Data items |
(** * Derivatives of complex-valued functions *)

(* The cast makes [l] elaborate at type [C], so that complex notations and the
   coercion from [R] apply to it. *)
Notation derC f x l := (@is_derive R_AbsRing C_R_NormedModule f x (l : C)).

Section ComplexDerivatives.
Local Open Scope C_scope.

Lemma derC_components (F : R -> C) (x : R) (l : C) :
  is_derive (fun y => Re (F y)) x (Re l) -> is_derive (fun y => Im (F y)) x (Im l) ->
  derC F x l.
Proof.
  intros H1 H2. unfold is_derive in *.
  eapply filterdiff_ext_lin.
  - eapply filterdiff_ext.
    2: apply (filterdiff_comp'_2 (K := R_AbsRing) (W := C_R_NormedModule)
                (fun y => Re (F y)) (fun y => Im (F y)) (fun u v => (u, v)) x _ _
                (fun u v => (u, v)) H1 H2).
    + intros y. simpl. destruct (F y). reflexivity.
    + apply filterdiff_linear. split; [reflexivity | reflexivity |].
      exists 1%R. split; [lra|]. intros [u1 u2]. rewrite Rmult_1_l. apply Rle_refl.
  - intros y. destruct l. reflexivity.
Qed.

Lemma derC_Re (F : R -> C) (x : R) (l : C) : derC F x l -> is_derive (fun y => Re (F y)) x (Re l).
Proof.
  intros H. unfold is_derive in *. eapply filterdiff_ext_lin.
  - eapply (filterdiff_comp' F (fun u : C_R_NormedModule => fst u)); [exact H|].
    apply filterdiff_linear, (is_linear_fst (U := R_NormedModule) (V := R_NormedModule)).
  - reflexivity.
Qed.

Lemma derC_Im (F : R -> C) (x : R) (l : C) : derC F x l -> is_derive (fun y => Im (F y)) x (Im l).
Proof.
  intros H. unfold is_derive in *. eapply filterdiff_ext_lin.
  - eapply (filterdiff_comp' F (fun u : C_R_NormedModule => snd u)); [exact H|].
    apply filterdiff_linear, (is_linear_snd (U := R_NormedModule) (V := R_NormedModule)).
  - reflexivity.
Qed.

Lemma derC_eq (F : R -> C) (x : R) (l l' : C) : derC F x l -> l = l' -> derC F x l'.
Proof. intros H <-. exact H. Qed.

Lemma derC_ext (F G : R -> C) (x : R) (l : C) :
  (forall y, F y = G y) -> derC F x l -> derC G x l.
Proof. apply (is_derive_ext (K := R_AbsRing) (V := C_R_NormedModule)). Qed.

Lemma derC_const (c : C) (x : R) : derC (fun _ => c) x 0.
Proof. exact (@is_derive_const R_AbsRing C_R_NormedModule c x). Qed.

Lemma derC_plus (F G : R -> C) (x : R) (a b : C) :
  derC F x a -> derC G x b -> derC (fun y => F y + G y) x (a + b).
Proof. exact (@is_derive_plus R_AbsRing C_R_NormedModule F G x a b). Qed.

Lemma derC_RtoC (f : R -> R) (x a : R) : is_derive f x a -> derC (fun y => RtoC (f y)) x a.
Proof.
  intros H. apply derC_components; simpl;
    [exact H | exact (is_derive_const (V := R_NormedModule) 0 x)].
Qed.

About this task |
State the number of lines in the records that include the string "Lemma", without any other words.

Problem solution |
8